Cinematic Releases: Motherless Brooklyn (2019) - Reviewed


Jonathan Lethem’s 1999 novel Motherless Brooklyn, a New York based modern-day hard-boiled detective story about a small-town private eye stricken with Tourette’s syndrome on a quest for the man who murdered his mentor, became a long gestating dream project of the film’s writer-producer-director-lead actor Edward Norton.  Having only directed one film with the 2000 romantic comedy Keeping the Faith, the project sat on the shelf for the next two decades with Norton garnering a reputation in Hollywood as a difficult or demanding actor. 

Circa 2019 however after a small hiatus from the public eye before the actor/director’s own production company Class 5 Films funded the project, Edward Norton has finally realized Motherless Brooklyn onto the silver screen as a 1950s-set period film noir of sorts.  Co-starring Bruce Willis, Ethan Suplee, Alec Baldwin, Leslie Mann and Willem Dafoe, the picture is a star-studded odyssey which ala-Chinatown presents its protagonist with a mystery containing almost boundless twists and turns leading him towards the upper echelon of society’s most powerful men. 

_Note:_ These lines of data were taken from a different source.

Lemma Linf_Lnorm2_lty {f} : Linf mu f -> (Lnorm mu 2%:E (EFin \o f) < +oo)%E.
Proof.
move=> Lf; apply: (@lty_poweRy _ _ 2); first by rewrite pnatr_eq0.
rewrite powR_Lnorm ?pnatr_eq0//.
case/integrableP: (Linf_integrable (LinfM Lf Lf)) => _; apply: le_lt_trans.
rewrite le_eqVlt; apply/orP; left; apply/eqP; apply: eq_integral => x _ /=.
by rewrite powR_mulrn// real_normK ?num_real// -expr2 ger0_norm// sqr_ge0.
Qed.

Lemma L2normZ {f} {a} : 0 <= a -> Linf mu f ->
  L2norm mu (fun x => a * f x) = a * L2norm mu f.
Proof.
move=> a_ge0 Lf; apply/eqP; rewrite -(@eqrXn2 _ 2)// ?mulr_ge0// ?L2norm_ge0//.
rewrite exprMn !L2norm_sqr -RintegralZl//.
  by apply/eqP; apply: eq_Rintegral => x _; rewrite exprMn.
exact: Linf_integrable (LinfM Lf Lf).
Qed.

Lemma L2closure_sub (A : set (X -> R)) f : A `<=` Linf mu -> A f -> L2closure mu A f.
Proof.
move=> AL Af; have Lf := AL _ Af; split; first exact: (proj1 Lf).
split; first exact: Linf_Lnorm2_lty.
exists (fun _ => f); split => //.
rewrite (_ : (fun n => _) = fun _ => 0%E); first exact: cvg_cst.
apply/funext => n; rewrite (@eq_Lnorm _ _ _ _ _ _ (cst 0%E)) ?Lnorm0//.
by move=> x /=; rewrite subrr.
Qed.

End LinfFinite.

Section Subspace.
Context {d : measure_display} {X : measurableType d} {R : realType}.
Context {mu : {measure set X -> \bar R}}.
Context {A : set (X -> R)}.
Hypothesis A_sub : is_subspace mu A.

Lemma subspaceZ k {f} : A f -> A (fun x => k * f x).
Proof.
move=> Af; have := A_sub.2.2 k _ _ Af A_sub.2.1.
by under eq_fun do rewrite addr0.
Qed.

Lemma subspaceB {f g} : A f -> A g -> A (fun x => f x - g x).
Proof.
move=> Af Ag; have := A_sub.2.2 (-1) _ _ Ag Af.
by under eq_fun do rewrite mulN1r addrC.
Qed.
Definition Fstructure_axioms : Prop :=
  (forall (k : C) f g h, mulF (k *: f + g) h = k *: mulF f h + mulF g h) /\
      (forall (k : C) f g h, mulF h (k *: f + g) = k *: mulF h f + mulF h g) /\
      (forall f g h, mulF f (mulF g h) = mulF (mulF f g) h) /\
      (forall (k : C) a b f, actL (k *: a + b) f = k *: actL a f + actL b f) /\
      (forall (k : C) a f g, actL a (k *: f + g) = k *: actL a f + actL a g) /\
      (forall (k : C) a b f, actR f (k *: a + b) = k *: actR f a + actR f b) /\
      (forall (k : C) a f g, actR (k *: f + g) a = k *: actR f a + actR g a) /\
   (forall f, actL 1 f = f) /\ (forall f, actR f 1 = f) /\
       (forall a b f, actL (a * b) f = actL a (actL b f)) /\
       (forall a b f, actR f (a * b) = actR (actR f a) b) /\
       (forall a b f, actL a (actR f b) = actR (actL a f) b) /\
       (forall a f g, actL a (mulF f g) = mulF (actL a f) g) /\
       (forall a f g, mulF (actR f a) g = mulF f (actL a g)) /\
       (forall a f g, actR (mulF f g) a = mulF f (actR g a)).

Definition ncps_typeBprime (phi : A -> C) (Phi : F -> C) : Prop :=
  [/\ Fstructure_axioms, linear phi, linear Phi & phi 1 = 1].

(* The algebra B = A (+) F, elements are pairs (a, f) = a + f. *)
Definition mulB (x y : A * F) : A * F :=
  (x.1 * y.1, actL x.1 y.2 + actR x.2 y.1 + mulF x.2 y.2).
Definition oneB : A * F := (1, 0).
Definition addB (x y : A * F) : A * F := (x.1 + y.1, x.2 + y.2).
Definition oppB (x : A * F) : A * F := (- x.1, - x.2).

Definition phiB (phi : A -> C) (x : A * F) : C := phi x.1.
Definition phiB' (Phi : F -> C) (x : A * F) : C := Phi x.2.

Definition qpow (q : F) (n : nat) : F := iter n.-1 (fun f => mulF f q) q.

Fixpoint wordq (q : F) (a : nat -> A) (k : nat) : F :=
  match k with
  | 0 => actL (a 0%N) q
  | k'.+1 => mulF (actR (wordq q a k') (a k)) q
  end.

Definition cyclic_antimonotone_indep (phi : A -> C) (Phi : F -> C) (q : F) : Prop :=
  forall (n : nat) (a : nat -> A), (0 < n)%N ->
    Phi (actR (wordq q a n.-1) (a n)) =
      phi (a 0%N * a n) * (\prod_(1 <= i < n) phi (a i)) * Phi (qpow q n).

Fixpoint powp (p x : A * F) (n : nat) : A * F :=
  match n with
  | 0 => p
  | n'.+1 => mulB (powp p x n') x
  end.

End TypeBprime.

Definition distribution (R : realType) (A : algType R[i]) (phi : A -> R[i]) (a : A)
  (P : {poly R[i]}) : R[i] :=
  \sum_(i < size P) P`_i * phi (a ^+ i).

If there’s a central criticism to bring against Norton’s crime investigation epic we’ve seen many times over in the time-honored tradition of shaggy-dog film noir and edgier detective stories, it’s the languid pacing which amounts to a sprawling near two-and-a-half hour running time.  For the story’s topic of urban development threatening the stability of local communities, Norton’s film addresses this topic with the urgency of a promenade.  What keeps the audience from drifting away however is Norton’s screen presence and always solid acting though some will find his Oscar-fishing performance of a detective with a variety of tic disorders a little grating.

In terms of production design by Beth Mickle, the film sports an excellent attention to 1950s American period detail with The Illusionist cinematographer Dick Pope giving the noir-ish proceedings a somewhat somber visual schema.  Then there’s the original score by Spider-Man: Into the Spider-Verse composer Daniel Pemberton which bears that kind of sleepy saxophone Jazz melancholy synonymous with noir, lending a moody flavor to Norton’s detective story.  Naturally being a film noir, the film is rife with Norton's voiceover narration which in itself is a cliche but under Norton's lead we hardly mind.


Overall Motherless Brooklyn is a good, refreshing dose of modern film-noir which we’ve seen many times before yet the cast keeps things engaging and Norton’s direction of the crime investigation thriller genre is solid.  Though a bit on the long side with areas where the belt could have been tightened a little, there’s a decent crime drama and character driven piece here prominently featuring one of the industry’s most gifted performers.  Motherless Brooklyn serves up familiar terrain for most moviegoers but Norton’s direction and acting more than makes it worth your while.